Collected data entries —
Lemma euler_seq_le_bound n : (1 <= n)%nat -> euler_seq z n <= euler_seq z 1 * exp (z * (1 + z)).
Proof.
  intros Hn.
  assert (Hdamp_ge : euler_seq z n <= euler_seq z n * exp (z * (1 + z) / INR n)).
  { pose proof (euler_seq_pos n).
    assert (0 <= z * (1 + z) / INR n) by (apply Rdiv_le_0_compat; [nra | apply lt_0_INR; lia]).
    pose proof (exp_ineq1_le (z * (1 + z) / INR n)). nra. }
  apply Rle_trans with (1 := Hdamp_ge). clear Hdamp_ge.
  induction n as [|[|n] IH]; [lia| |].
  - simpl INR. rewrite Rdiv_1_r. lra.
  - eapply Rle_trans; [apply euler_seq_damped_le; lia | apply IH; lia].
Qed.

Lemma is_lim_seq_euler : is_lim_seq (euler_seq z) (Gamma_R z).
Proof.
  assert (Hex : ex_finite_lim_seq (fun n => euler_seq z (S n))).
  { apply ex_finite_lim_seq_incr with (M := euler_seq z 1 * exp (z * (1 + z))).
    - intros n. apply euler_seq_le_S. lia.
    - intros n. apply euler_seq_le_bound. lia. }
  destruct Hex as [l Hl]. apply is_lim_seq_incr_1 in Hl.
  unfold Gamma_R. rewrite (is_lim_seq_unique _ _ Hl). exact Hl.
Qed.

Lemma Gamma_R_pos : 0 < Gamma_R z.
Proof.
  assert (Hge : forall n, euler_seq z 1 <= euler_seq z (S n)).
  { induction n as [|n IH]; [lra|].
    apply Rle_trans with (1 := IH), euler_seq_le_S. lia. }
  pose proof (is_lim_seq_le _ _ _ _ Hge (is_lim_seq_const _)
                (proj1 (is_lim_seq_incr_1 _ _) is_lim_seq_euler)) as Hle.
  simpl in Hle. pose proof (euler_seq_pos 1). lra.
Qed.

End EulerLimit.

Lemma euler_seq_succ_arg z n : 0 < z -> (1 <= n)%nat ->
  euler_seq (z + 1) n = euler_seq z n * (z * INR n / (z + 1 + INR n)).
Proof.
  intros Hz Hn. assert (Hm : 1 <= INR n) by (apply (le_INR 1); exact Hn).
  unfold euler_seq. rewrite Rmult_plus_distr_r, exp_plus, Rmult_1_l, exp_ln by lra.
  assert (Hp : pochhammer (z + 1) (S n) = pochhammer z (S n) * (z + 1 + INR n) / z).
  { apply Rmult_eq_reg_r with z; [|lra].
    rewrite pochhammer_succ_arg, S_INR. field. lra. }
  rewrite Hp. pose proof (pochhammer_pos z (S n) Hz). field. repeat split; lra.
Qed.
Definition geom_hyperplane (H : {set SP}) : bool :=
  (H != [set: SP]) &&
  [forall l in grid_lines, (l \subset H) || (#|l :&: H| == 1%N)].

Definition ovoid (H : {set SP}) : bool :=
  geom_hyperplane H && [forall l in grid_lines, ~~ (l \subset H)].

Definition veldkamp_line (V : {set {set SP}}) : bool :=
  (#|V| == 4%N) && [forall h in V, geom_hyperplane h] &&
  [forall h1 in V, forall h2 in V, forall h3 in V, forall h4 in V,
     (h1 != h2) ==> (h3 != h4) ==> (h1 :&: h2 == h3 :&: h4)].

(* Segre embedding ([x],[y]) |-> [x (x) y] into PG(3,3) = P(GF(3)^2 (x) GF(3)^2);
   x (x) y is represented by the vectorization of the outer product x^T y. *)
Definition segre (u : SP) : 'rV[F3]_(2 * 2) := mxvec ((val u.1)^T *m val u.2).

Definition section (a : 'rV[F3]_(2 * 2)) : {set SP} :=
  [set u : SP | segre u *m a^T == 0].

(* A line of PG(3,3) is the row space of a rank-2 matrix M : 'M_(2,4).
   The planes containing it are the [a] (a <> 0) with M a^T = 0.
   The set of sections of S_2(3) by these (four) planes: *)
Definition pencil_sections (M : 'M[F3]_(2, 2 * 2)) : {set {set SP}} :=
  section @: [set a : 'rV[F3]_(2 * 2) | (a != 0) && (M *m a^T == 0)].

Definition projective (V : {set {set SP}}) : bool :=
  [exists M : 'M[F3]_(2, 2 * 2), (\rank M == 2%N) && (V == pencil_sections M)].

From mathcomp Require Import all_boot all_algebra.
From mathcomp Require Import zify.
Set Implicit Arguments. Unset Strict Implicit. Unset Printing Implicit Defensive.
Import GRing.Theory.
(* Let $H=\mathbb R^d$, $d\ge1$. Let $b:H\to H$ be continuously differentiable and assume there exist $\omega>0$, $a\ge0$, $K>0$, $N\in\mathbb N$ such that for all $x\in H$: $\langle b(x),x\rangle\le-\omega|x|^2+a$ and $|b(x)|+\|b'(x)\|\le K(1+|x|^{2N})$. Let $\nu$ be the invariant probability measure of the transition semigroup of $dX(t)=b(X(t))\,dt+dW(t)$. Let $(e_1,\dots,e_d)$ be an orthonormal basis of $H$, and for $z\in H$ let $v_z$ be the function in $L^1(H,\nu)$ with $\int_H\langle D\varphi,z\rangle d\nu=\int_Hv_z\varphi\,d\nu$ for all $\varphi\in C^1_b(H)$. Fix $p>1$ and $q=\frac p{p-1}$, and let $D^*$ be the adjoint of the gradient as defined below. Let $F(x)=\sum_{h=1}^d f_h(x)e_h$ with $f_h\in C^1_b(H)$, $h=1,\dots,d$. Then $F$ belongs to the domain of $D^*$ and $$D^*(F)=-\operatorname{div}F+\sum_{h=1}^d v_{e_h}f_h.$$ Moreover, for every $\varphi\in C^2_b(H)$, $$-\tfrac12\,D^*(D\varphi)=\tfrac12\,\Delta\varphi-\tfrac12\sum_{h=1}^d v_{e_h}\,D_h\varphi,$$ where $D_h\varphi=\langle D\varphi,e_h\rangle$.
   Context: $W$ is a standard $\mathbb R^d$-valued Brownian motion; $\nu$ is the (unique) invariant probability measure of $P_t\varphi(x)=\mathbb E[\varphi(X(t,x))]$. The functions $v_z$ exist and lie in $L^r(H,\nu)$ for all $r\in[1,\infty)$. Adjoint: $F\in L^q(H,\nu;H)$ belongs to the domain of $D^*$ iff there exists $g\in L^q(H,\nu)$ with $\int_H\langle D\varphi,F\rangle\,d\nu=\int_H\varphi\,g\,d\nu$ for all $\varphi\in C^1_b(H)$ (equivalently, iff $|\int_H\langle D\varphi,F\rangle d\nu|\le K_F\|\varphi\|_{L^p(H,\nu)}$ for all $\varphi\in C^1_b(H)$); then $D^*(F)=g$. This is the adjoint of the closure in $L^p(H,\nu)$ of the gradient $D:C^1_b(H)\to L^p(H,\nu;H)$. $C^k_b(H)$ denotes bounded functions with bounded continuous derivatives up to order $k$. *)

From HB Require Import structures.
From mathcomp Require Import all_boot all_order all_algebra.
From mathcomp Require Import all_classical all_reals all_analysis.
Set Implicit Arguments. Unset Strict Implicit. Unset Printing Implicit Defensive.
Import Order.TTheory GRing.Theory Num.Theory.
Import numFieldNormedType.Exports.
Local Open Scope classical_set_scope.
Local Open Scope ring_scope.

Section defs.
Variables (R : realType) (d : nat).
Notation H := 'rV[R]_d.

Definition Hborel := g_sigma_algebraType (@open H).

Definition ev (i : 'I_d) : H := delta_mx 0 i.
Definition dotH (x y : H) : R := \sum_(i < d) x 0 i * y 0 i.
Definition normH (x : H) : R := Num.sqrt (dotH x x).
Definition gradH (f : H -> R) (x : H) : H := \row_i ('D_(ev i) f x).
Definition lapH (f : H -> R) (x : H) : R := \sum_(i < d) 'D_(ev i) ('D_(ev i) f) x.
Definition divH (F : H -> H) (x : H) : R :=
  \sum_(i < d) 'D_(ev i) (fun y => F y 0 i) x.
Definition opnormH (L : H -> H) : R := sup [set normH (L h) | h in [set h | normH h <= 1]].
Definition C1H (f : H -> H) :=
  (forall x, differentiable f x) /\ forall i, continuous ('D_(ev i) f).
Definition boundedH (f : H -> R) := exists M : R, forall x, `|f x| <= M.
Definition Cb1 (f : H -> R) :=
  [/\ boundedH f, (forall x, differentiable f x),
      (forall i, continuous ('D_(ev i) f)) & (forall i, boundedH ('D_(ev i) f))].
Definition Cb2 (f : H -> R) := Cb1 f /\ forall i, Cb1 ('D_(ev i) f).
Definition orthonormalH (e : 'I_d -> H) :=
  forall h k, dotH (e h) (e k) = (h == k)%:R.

What this task involves —
Please output only the lines from the first line of the entries through the line with "proof (euler_seq_pos n).", both included, exactly as written.

Response —
Lemma euler_seq_le_bound n : (1 <= n)%nat -> euler_seq z n <= euler_seq z 1 * exp (z * (1 + z)).
Proof.
  intros Hn.
  assert (Hdamp_ge : euler_seq z n <= euler_seq z n * exp (z * (1 + z) / INR n)).
  { pose proof (euler_seq_pos n).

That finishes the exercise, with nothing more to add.